START Input data
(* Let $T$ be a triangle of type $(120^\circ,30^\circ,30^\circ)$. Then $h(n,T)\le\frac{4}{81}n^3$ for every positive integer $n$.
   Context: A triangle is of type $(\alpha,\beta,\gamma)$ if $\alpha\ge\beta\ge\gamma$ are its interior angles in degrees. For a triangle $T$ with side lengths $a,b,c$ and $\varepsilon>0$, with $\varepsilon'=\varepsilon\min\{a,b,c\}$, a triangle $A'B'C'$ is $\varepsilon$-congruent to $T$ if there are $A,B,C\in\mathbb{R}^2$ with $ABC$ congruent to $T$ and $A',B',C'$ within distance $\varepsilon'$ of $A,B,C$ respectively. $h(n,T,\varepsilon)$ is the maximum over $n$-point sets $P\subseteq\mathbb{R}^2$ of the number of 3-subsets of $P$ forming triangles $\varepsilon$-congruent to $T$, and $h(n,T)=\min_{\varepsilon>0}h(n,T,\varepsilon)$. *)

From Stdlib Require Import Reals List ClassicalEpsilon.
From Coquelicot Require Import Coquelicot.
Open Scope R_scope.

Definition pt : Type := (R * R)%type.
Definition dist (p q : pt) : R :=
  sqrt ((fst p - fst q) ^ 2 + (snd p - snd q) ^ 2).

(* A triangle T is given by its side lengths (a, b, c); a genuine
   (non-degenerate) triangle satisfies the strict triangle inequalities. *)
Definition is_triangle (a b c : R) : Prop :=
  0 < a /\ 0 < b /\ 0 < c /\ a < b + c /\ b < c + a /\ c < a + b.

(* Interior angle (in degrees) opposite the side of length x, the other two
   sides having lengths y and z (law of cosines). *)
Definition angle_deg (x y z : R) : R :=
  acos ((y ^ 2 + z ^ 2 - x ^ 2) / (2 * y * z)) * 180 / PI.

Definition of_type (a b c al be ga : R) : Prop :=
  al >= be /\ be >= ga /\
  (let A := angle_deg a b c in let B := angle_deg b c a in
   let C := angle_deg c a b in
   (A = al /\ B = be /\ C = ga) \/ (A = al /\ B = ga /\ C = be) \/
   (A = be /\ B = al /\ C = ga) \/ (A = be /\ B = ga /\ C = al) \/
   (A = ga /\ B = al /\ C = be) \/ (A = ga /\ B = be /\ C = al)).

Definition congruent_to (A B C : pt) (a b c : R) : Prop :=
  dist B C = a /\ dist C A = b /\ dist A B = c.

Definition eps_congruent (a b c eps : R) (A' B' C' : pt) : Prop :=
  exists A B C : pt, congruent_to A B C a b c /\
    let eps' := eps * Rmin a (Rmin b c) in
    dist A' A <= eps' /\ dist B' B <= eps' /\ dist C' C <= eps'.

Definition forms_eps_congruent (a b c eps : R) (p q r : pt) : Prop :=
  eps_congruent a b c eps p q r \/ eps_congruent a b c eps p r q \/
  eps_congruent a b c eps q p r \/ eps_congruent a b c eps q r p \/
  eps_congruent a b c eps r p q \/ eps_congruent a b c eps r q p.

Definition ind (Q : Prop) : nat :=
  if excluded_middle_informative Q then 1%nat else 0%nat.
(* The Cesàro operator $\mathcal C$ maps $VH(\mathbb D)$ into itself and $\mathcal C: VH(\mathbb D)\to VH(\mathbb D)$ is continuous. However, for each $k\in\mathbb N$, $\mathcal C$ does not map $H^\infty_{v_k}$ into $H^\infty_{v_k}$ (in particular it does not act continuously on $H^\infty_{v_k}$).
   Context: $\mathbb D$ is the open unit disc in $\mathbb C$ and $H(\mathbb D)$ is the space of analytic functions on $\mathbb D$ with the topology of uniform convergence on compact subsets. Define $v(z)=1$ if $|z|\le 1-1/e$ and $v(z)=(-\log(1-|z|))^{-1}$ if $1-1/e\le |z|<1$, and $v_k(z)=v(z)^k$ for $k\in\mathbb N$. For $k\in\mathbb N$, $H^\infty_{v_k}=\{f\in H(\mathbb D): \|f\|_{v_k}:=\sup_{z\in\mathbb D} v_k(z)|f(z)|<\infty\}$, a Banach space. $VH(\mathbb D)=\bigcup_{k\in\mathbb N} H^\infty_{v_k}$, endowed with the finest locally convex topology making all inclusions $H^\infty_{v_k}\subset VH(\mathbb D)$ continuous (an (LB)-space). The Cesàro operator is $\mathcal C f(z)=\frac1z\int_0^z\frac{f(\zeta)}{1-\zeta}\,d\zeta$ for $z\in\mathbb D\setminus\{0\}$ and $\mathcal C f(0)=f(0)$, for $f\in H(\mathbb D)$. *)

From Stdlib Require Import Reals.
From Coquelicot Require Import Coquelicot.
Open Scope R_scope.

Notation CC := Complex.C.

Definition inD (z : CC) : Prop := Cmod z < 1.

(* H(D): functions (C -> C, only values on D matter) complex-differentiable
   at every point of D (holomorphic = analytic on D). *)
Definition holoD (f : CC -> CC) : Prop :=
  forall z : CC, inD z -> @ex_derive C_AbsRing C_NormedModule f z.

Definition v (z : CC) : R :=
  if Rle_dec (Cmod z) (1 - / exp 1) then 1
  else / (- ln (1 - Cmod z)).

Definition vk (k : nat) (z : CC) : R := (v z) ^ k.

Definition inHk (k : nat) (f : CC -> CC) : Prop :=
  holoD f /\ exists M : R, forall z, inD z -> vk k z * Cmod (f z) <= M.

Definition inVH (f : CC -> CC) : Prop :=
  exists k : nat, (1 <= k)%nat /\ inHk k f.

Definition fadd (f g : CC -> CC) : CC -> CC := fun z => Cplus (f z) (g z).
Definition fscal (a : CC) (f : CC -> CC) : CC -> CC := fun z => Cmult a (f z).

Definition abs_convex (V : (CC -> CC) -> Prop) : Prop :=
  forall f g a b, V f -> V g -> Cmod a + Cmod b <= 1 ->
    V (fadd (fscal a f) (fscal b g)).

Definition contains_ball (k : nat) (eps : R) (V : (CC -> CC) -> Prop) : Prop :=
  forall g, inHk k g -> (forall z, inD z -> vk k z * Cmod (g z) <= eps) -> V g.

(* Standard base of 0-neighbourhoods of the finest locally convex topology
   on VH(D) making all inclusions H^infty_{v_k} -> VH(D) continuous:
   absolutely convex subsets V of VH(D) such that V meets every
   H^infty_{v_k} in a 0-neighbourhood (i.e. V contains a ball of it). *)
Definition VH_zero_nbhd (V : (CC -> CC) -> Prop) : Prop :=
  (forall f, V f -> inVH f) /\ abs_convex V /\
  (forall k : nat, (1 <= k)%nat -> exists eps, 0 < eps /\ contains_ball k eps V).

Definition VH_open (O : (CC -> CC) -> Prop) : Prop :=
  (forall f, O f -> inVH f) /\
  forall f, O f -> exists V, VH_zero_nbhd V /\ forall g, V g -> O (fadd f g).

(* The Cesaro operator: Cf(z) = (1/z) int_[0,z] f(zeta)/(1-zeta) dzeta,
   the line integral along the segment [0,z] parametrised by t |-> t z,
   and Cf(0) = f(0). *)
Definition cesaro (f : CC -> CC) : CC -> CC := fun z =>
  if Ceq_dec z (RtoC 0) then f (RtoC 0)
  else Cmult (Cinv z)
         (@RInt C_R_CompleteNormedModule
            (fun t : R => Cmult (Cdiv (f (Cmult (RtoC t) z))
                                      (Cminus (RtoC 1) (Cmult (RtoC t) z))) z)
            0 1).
END Input data
While keeping every line the same, please copy out all the records.

(* Let $T$ be a triangle of type $(120^\circ,30^\circ,30^\circ)$. Then $h(n,T)\le\frac{4}{81}n^3$ for every positive integer $n$.
   Context: A triangle is of type $(\alpha,\beta,\gamma)$ if $\alpha\ge\beta\ge\gamma$ are its interior angles in degrees. For a triangle $T$ with side lengths $a,b,c$ and $\varepsilon>0$, with $\varepsilon'=\varepsilon\min\{a,b,c\}$, a triangle $A'B'C'$ is $\varepsilon$-congruent to $T$ if there are $A,B,C\in\mathbb{R}^2$ with $ABC$ congruent to $T$ and $A',B',C'$ within distance $\varepsilon'$ of $A,B,C$ respectively. $h(n,T,\varepsilon)$ is the maximum over $n$-point sets $P\subseteq\mathbb{R}^2$ of the number of 3-subsets of $P$ forming triangles $\varepsilon$-congruent to $T$, and $h(n,T)=\min_{\varepsilon>0}h(n,T,\varepsilon)$. *)

From Stdlib Require Import Reals List ClassicalEpsilon.
From Coquelicot Require Import Coquelicot.
Open Scope R_scope.

Definition pt : Type := (R * R)%type.
Definition dist (p q : pt) : R :=
  sqrt ((fst p - fst q) ^ 2 + (snd p - snd q) ^ 2).

(* A triangle T is given by its side lengths (a, b, c); a genuine
   (non-degenerate) triangle satisfies the strict triangle inequalities. *)
Definition is_triangle (a b c : R) : Prop :=
  0 < a /\ 0 < b /\ 0 < c /\ a < b + c /\ b < c + a /\ c < a + b.

(* Interior angle (in degrees) opposite the side of length x, the other two
   sides having lengths y and z (law of cosines). *)
Definition angle_deg (x y z : R) : R :=
  acos ((y ^ 2 + z ^ 2 - x ^ 2) / (2 * y * z)) * 180 / PI.

Definition of_type (a b c al be ga : R) : Prop :=
  al >= be /\ be >= ga /\
  (let A := angle_deg a b c in let B := angle_deg b c a in
   let C := angle_deg c a b in
   (A = al /\ B = be /\ C = ga) \/ (A = al /\ B = ga /\ C = be) \/
   (A = be /\ B = al /\ C = ga) \/ (A = be /\ B = ga /\ C = al) \/
   (A = ga /\ B = al /\ C = be) \/ (A = ga /\ B = be /\ C = al)).

Definition congruent_to (A B C : pt) (a b c : R) : Prop :=
  dist B C = a /\ dist C A = b /\ dist A B = c.

Definition eps_congruent (a b c eps : R) (A' B' C' : pt) : Prop :=
  exists A B C : pt, congruent_to A B C a b c /\
    let eps' := eps * Rmin a (Rmin b c) in
    dist A' A <= eps' /\ dist B' B <= eps' /\ dist C' C <= eps'.

Definition forms_eps_congruent (a b c eps : R) (p q r : pt) : Prop :=
  eps_congruent a b c eps p q r \/ eps_congruent a b c eps p r q \/
  eps_congruent a b c eps q p r \/ eps_congruent a b c eps q r p \/
  eps_congruent a b c eps r p q \/ eps_congruent a b c eps r q p.

Definition ind (Q : Prop) : nat :=
  if excluded_middle_informative Q then 1%nat else 0%nat.
(* The Cesàro operator $\mathcal C$ maps $VH(\mathbb D)$ into itself and $\mathcal C: VH(\mathbb D)\to VH(\mathbb D)$ is continuous. However, for each $k\in\mathbb N$, $\mathcal C$ does not map $H^\infty_{v_k}$ into $H^\infty_{v_k}$ (in particular it does not act continuously on $H^\infty_{v_k}$).
   Context: $\mathbb D$ is the open unit disc in $\mathbb C$ and $H(\mathbb D)$ is the space of analytic functions on $\mathbb D$ with the topology of uniform convergence on compact subsets. Define $v(z)=1$ if $|z|\le 1-1/e$ and $v(z)=(-\log(1-|z|))^{-1}$ if $1-1/e\le |z|<1$, and $v_k(z)=v(z)^k$ for $k\in\mathbb N$. For $k\in\mathbb N$, $H^\infty_{v_k}=\{f\in H(\mathbb D): \|f\|_{v_k}:=\sup_{z\in\mathbb D} v_k(z)|f(z)|<\infty\}$, a Banach space. $VH(\mathbb D)=\bigcup_{k\in\mathbb N} H^\infty_{v_k}$, endowed with the finest locally convex topology making all inclusions $H^\infty_{v_k}\subset VH(\mathbb D)$ continuous (an (LB)-space). The Cesàro operator is $\mathcal C f(z)=\frac1z\int_0^z\frac{f(\zeta)}{1-\zeta}\,d\zeta$ for $z\in\mathbb D\setminus\{0\}$ and $\mathcal C f(0)=f(0)$, for $f\in H(\mathbb D)$. *)

From Stdlib Require Import Reals.
From Coquelicot Require Import Coquelicot.
Open Scope R_scope.

Notation CC := Complex.C.

Definition inD (z : CC) : Prop := Cmod z < 1.

(* H(D): functions (C -> C, only values on D matter) complex-differentiable
   at every point of D (holomorphic = analytic on D). *)
Definition holoD (f : CC -> CC) : Prop :=
  forall z : CC, inD z -> @ex_derive C_AbsRing C_NormedModule f z.

Definition v (z : CC) : R :=
  if Rle_dec (Cmod z) (1 - / exp 1) then 1
  else / (- ln (1 - Cmod z)).

Definition vk (k : nat) (z : CC) : R := (v z) ^ k.

Definition inHk (k : nat) (f : CC -> CC) : Prop :=
  holoD f /\ exists M : R, forall z, inD z -> vk k z * Cmod (f z) <= M.

Definition inVH (f : CC -> CC) : Prop :=
  exists k : nat, (1 <= k)%nat /\ inHk k f.

Definition fadd (f g : CC -> CC) : CC -> CC := fun z => Cplus (f z) (g z).
Definition fscal (a : CC) (f : CC -> CC) : CC -> CC := fun z => Cmult a (f z).

Definition abs_convex (V : (CC -> CC) -> Prop) : Prop :=
  forall f g a b, V f -> V g -> Cmod a + Cmod b <= 1 ->
    V (fadd (fscal a f) (fscal b g)).

Definition contains_ball (k : nat) (eps : R) (V : (CC -> CC) -> Prop) : Prop :=
  forall g, inHk k g -> (forall z, inD z -> vk k z * Cmod (g z) <= eps) -> V g.

(* Standard base of 0-neighbourhoods of the finest locally convex topology
   on VH(D) making all inclusions H^infty_{v_k} -> VH(D) continuous:
   absolutely convex subsets V of VH(D) such that V meets every
   H^infty_{v_k} in a 0-neighbourhood (i.e. V contains a ball of it). *)
Definition VH_zero_nbhd (V : (CC -> CC) -> Prop) : Prop :=
  (forall f, V f -> inVH f) /\ abs_convex V /\
  (forall k : nat, (1 <= k)%nat -> exists eps, 0 < eps /\ contains_ball k eps V).

Definition VH_open (O : (CC -> CC) -> Prop) : Prop :=
  (forall f, O f -> inVH f) /\
  forall f, O f -> exists V, VH_zero_nbhd V /\ forall g, V g -> O (fadd f g).

(* The Cesaro operator: Cf(z) = (1/z) int_[0,z] f(zeta)/(1-zeta) dzeta,
   the line integral along the segment [0,z] parametrised by t |-> t z,
   and Cf(0) = f(0). *)
Definition cesaro (f : CC -> CC) : CC -> CC := fun z =>
  if Ceq_dec z (RtoC 0) then f (RtoC 0)
  else Cmult (Cinv z)
         (@RInt C_R_CompleteNormedModule
            (fun t : R => Cmult (Cdiv (f (Cmult (RtoC t) z))
                                      (Cminus (RtoC 1) (Cmult (RtoC t) z))) z)
            0 1).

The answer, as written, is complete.